> **Problem**:
Should a line in the entries below contain "when", return that line.

Items from a data source
┄┄┄┄┄┄┄┄┄┄

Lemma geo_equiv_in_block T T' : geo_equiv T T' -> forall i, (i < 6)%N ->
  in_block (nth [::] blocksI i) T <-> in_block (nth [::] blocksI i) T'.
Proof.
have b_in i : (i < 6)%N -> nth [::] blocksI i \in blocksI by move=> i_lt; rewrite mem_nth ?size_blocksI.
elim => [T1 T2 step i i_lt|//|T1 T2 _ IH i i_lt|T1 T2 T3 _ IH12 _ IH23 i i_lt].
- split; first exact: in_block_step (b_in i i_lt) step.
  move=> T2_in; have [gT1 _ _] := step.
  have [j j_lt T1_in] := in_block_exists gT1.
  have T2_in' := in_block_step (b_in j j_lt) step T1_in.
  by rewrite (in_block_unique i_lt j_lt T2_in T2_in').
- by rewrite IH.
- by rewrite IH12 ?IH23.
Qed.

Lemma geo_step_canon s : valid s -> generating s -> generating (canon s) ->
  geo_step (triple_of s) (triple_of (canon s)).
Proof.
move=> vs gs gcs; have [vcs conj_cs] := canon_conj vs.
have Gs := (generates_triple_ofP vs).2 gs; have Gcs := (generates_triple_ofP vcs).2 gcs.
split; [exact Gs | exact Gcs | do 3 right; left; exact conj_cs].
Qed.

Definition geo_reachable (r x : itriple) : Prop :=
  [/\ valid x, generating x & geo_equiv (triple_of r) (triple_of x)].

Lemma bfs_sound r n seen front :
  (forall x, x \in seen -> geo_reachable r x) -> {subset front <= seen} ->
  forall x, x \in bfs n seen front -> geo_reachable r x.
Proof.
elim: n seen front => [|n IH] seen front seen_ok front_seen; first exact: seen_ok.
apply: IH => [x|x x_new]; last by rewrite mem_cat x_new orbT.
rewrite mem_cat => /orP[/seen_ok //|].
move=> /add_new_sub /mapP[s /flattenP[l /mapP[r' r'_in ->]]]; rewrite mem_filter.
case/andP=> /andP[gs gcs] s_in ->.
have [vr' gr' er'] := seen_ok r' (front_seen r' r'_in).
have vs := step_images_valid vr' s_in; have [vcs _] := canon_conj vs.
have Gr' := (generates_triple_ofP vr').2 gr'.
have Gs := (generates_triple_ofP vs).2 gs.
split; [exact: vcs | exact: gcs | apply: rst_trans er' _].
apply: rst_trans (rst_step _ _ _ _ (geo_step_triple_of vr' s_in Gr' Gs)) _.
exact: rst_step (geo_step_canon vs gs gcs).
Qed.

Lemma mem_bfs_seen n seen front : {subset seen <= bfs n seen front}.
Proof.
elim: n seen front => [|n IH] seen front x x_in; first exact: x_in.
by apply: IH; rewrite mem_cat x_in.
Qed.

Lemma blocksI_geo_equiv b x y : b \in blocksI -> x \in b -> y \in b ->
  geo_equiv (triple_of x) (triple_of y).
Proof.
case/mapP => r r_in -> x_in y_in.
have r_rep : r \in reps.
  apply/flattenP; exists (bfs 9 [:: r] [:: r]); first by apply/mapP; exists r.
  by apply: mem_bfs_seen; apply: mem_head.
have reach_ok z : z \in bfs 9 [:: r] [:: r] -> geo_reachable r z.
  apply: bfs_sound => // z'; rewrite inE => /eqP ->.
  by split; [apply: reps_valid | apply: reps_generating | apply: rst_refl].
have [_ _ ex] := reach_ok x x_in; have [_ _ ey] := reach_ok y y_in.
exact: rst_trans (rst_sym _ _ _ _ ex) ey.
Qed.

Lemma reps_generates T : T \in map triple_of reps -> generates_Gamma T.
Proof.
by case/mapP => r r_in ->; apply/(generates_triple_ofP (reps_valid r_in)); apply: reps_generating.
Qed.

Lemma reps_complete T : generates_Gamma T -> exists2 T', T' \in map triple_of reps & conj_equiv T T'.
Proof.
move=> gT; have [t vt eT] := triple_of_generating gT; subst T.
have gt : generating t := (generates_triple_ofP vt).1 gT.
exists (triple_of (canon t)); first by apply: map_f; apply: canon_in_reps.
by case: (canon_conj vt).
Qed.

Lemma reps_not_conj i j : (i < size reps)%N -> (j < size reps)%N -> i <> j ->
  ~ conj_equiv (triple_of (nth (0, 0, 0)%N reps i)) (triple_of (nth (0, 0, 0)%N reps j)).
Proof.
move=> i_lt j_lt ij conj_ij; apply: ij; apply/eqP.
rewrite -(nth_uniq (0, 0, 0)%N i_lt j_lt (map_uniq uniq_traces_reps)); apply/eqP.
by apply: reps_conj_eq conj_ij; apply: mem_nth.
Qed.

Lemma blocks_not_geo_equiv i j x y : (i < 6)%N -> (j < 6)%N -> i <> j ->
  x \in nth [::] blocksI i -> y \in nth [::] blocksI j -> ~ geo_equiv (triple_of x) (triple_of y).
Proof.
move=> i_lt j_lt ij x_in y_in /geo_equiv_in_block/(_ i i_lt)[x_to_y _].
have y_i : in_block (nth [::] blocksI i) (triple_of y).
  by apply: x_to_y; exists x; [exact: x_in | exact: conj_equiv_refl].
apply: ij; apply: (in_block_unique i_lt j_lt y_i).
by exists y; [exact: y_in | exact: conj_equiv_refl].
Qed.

┄┄┄┄┄┄┄┄┄┄

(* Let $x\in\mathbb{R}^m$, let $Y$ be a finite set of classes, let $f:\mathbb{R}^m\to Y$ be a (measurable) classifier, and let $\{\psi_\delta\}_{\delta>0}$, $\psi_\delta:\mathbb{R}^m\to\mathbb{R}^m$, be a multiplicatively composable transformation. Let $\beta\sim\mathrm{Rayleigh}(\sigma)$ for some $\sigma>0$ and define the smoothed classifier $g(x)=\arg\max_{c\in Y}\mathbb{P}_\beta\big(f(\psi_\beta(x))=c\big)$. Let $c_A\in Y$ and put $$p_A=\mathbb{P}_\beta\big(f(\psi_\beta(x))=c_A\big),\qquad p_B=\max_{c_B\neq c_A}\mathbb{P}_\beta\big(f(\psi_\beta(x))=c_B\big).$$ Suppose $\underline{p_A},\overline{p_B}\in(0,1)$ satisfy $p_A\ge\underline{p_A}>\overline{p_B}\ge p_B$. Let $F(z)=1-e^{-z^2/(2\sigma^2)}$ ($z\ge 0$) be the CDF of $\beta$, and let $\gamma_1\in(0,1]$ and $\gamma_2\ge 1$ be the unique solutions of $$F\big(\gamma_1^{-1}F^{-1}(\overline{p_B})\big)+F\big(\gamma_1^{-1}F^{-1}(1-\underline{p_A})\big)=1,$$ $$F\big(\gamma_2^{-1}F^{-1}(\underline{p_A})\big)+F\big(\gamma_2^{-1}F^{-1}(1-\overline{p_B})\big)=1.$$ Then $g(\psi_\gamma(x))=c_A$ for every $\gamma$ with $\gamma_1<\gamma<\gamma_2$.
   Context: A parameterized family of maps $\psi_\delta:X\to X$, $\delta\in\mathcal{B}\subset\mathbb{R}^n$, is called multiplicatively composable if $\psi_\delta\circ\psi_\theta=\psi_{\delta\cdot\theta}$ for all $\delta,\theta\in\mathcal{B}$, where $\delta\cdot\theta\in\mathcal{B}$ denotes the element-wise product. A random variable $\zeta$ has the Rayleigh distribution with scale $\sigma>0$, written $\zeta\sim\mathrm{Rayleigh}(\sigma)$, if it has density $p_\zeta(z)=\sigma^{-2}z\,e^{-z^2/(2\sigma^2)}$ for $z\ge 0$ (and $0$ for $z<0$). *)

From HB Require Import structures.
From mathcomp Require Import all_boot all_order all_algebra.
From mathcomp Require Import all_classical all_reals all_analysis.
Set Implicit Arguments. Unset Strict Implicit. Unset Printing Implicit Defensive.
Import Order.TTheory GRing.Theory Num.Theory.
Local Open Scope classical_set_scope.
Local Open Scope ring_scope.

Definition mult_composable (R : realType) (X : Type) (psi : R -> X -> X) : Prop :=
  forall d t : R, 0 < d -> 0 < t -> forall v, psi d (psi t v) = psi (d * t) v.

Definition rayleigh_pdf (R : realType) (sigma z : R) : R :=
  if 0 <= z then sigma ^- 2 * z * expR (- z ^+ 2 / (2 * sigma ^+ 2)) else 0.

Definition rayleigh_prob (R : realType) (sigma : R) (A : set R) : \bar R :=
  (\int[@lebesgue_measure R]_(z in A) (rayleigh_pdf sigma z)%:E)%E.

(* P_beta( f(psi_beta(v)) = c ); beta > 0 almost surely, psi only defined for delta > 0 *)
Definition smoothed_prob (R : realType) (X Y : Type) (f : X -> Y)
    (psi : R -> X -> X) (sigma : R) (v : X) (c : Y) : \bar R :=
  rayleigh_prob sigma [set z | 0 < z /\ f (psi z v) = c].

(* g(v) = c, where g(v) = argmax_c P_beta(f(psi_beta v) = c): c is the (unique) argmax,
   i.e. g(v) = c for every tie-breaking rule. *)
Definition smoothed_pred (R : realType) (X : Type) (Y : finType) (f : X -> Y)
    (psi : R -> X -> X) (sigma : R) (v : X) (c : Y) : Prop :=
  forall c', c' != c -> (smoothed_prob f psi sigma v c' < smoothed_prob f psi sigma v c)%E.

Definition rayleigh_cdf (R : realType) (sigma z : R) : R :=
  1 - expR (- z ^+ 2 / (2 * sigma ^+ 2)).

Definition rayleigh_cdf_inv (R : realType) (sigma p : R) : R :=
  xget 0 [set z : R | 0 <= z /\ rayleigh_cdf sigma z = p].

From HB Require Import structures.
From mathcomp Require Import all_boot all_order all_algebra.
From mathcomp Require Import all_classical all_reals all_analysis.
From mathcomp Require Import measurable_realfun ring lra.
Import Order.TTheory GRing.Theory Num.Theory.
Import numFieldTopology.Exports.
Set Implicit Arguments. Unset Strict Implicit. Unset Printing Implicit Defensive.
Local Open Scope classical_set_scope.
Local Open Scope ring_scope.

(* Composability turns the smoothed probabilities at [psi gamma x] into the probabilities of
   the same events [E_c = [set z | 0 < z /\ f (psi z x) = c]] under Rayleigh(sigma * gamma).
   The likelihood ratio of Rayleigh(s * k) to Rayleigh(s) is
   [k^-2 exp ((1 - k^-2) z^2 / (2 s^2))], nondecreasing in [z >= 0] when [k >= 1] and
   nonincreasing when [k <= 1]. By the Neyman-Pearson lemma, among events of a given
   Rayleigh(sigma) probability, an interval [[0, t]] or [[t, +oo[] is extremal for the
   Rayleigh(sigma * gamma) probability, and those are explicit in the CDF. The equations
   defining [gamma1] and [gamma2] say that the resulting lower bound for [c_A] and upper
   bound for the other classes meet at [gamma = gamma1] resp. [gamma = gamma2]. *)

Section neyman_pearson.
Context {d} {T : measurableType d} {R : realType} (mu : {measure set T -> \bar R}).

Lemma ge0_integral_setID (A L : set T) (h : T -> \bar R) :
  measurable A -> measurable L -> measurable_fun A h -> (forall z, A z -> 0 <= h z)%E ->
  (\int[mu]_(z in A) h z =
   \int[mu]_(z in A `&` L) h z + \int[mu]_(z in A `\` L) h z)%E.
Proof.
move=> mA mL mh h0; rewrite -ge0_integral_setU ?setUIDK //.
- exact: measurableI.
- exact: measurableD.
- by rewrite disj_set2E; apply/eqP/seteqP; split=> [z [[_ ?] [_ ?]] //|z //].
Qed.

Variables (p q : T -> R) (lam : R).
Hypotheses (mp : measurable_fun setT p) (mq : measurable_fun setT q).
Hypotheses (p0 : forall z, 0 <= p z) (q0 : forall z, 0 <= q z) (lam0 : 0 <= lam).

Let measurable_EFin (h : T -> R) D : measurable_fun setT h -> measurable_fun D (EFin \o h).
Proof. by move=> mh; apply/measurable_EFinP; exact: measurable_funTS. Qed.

┄┄┄┄┄┄┄┄┄┄

> **Solution to the exercise**:
   [k^-2 exp ((1 - k^-2) z^2 / (2 s^2))], nondecreasing in [z >= 0] when [k >= 1] and
   nonincreasing when [k <= 1]. By the Neyman-Pearson lemma, among events of a given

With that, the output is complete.